◆ **TASK INSTRUCTIONS**: Find and copy each line of the records where the string "Ucal" shows up.
[EXCERPTED RECORDS]
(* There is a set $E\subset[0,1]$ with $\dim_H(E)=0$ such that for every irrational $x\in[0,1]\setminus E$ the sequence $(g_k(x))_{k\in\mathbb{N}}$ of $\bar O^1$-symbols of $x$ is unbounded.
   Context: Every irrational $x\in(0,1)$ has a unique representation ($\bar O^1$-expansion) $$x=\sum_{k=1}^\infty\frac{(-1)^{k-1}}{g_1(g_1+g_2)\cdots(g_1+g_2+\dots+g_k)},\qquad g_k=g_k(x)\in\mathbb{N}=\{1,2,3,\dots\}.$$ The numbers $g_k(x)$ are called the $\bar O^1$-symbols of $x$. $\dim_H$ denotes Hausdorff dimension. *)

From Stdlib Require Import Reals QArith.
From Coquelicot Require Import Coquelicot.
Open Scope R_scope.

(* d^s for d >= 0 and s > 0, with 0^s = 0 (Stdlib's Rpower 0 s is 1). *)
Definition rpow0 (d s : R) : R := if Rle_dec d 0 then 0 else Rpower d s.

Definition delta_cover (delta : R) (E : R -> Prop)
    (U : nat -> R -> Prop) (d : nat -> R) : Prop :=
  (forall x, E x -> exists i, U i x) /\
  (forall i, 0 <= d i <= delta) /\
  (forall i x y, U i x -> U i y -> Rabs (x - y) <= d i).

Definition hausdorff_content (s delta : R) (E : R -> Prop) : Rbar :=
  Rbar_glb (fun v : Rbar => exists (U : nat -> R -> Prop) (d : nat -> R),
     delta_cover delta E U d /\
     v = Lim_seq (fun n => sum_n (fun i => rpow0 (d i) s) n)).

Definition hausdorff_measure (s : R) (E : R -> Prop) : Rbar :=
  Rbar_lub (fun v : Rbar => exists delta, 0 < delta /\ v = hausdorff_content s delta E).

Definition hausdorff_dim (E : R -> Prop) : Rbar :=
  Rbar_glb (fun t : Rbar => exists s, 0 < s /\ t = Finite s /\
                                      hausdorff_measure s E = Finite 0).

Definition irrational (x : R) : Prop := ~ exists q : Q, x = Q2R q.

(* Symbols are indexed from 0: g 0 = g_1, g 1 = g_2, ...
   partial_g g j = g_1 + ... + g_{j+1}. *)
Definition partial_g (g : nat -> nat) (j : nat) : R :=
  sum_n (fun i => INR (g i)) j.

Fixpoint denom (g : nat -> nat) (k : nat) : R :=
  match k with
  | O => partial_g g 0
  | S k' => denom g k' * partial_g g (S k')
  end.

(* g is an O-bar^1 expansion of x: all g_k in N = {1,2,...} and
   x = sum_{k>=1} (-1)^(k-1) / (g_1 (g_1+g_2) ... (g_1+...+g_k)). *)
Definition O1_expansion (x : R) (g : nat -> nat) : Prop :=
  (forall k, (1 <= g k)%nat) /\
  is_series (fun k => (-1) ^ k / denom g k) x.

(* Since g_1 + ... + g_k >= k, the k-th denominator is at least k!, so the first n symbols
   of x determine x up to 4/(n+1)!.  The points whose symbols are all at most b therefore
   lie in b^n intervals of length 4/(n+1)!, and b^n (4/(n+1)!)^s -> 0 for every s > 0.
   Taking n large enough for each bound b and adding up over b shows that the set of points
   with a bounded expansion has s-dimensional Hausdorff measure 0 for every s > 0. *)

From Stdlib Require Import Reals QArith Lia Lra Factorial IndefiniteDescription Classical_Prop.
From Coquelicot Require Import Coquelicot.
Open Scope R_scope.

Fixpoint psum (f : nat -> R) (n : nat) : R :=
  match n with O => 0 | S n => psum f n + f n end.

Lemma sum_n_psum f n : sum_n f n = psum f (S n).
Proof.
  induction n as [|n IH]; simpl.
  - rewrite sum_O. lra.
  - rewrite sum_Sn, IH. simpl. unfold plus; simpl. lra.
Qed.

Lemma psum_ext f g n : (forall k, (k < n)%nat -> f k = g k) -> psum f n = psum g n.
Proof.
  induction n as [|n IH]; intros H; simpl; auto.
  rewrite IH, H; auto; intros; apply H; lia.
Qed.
[/EXCERPTED RECORDS]
[EXCERPTED RECORDS]
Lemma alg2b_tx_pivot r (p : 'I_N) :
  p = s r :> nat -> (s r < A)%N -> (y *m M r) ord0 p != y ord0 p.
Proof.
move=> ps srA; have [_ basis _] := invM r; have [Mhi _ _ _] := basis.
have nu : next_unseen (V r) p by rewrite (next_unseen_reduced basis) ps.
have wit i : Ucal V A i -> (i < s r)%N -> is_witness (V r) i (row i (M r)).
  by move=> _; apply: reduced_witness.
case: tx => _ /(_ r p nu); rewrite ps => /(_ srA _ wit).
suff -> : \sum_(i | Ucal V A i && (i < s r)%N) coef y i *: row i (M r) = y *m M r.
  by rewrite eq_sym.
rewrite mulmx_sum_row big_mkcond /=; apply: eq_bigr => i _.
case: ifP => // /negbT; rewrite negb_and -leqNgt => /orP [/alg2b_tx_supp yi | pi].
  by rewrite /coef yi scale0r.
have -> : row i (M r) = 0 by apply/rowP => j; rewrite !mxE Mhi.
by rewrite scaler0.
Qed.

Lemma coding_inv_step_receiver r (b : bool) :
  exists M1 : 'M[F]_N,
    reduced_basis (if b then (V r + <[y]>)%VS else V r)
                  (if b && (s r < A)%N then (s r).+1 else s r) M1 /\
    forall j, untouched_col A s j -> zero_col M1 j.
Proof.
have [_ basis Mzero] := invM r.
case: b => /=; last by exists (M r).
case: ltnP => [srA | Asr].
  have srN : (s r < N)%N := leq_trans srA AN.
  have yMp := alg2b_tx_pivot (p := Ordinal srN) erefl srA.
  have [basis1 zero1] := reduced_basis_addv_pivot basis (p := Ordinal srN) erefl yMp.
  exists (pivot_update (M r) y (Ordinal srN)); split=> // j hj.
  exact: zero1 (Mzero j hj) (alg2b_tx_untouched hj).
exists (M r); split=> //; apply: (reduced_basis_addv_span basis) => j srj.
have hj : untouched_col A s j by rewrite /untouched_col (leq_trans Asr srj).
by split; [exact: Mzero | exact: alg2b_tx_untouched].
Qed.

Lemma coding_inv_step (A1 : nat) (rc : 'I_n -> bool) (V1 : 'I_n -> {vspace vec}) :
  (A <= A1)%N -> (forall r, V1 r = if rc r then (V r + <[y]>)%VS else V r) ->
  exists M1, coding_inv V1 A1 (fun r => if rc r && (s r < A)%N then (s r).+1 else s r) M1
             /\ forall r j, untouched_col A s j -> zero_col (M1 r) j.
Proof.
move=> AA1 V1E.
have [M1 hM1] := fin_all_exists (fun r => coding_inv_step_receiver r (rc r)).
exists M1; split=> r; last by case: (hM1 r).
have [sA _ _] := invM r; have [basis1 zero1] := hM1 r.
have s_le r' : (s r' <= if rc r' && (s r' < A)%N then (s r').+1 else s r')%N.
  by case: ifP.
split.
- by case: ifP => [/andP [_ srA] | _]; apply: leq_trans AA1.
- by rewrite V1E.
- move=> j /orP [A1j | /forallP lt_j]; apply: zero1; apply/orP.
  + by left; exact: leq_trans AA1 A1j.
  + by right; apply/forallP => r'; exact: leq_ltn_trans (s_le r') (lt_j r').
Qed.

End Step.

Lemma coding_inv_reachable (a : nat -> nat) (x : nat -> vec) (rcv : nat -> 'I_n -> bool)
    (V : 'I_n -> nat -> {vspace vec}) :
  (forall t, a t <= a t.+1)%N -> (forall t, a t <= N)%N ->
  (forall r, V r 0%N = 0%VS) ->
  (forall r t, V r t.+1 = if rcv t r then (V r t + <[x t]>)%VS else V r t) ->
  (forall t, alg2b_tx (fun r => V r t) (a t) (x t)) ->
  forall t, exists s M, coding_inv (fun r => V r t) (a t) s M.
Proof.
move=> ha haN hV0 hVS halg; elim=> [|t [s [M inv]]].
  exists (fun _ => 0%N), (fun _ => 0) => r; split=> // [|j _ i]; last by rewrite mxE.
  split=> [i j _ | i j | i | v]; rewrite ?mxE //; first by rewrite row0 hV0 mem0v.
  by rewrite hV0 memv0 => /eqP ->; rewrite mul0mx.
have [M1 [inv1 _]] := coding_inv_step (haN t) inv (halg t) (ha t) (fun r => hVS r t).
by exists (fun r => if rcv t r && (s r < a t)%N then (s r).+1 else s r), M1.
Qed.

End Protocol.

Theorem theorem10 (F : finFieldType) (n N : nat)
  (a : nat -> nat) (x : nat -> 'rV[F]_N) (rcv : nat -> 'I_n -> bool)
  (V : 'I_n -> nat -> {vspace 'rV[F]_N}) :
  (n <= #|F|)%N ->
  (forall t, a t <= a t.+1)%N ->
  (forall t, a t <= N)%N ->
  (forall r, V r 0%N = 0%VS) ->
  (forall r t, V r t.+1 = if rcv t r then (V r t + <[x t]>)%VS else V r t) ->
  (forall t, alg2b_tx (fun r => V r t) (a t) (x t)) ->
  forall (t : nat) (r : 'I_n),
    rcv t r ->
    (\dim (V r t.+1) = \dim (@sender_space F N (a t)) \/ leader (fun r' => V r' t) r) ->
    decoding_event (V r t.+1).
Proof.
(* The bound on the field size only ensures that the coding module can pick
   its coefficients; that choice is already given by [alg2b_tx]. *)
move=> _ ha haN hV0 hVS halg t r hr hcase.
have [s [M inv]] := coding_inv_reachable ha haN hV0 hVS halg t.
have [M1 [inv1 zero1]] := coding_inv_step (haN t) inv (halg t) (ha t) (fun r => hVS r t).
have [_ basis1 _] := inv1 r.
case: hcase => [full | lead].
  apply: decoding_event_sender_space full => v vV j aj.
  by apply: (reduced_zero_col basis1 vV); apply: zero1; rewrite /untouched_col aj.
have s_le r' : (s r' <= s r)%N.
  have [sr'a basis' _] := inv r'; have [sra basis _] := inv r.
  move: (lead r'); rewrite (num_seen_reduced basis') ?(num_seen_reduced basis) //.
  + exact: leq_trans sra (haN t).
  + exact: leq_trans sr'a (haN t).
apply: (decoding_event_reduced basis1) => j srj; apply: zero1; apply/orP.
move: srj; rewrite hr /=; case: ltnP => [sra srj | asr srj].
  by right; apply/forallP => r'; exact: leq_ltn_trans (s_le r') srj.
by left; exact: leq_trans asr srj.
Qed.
[/EXCERPTED RECORDS]
◆ **ANSWER TO THIS EXERCISE**:
have wit i : Ucal V A i -> (i < s r)%N -> is_witness (V r) i (row i (M r)).
suff -> : \sum_(i | Ucal V A i && (i < s r)%N) coef y i *: row i (M r) = y *m M r.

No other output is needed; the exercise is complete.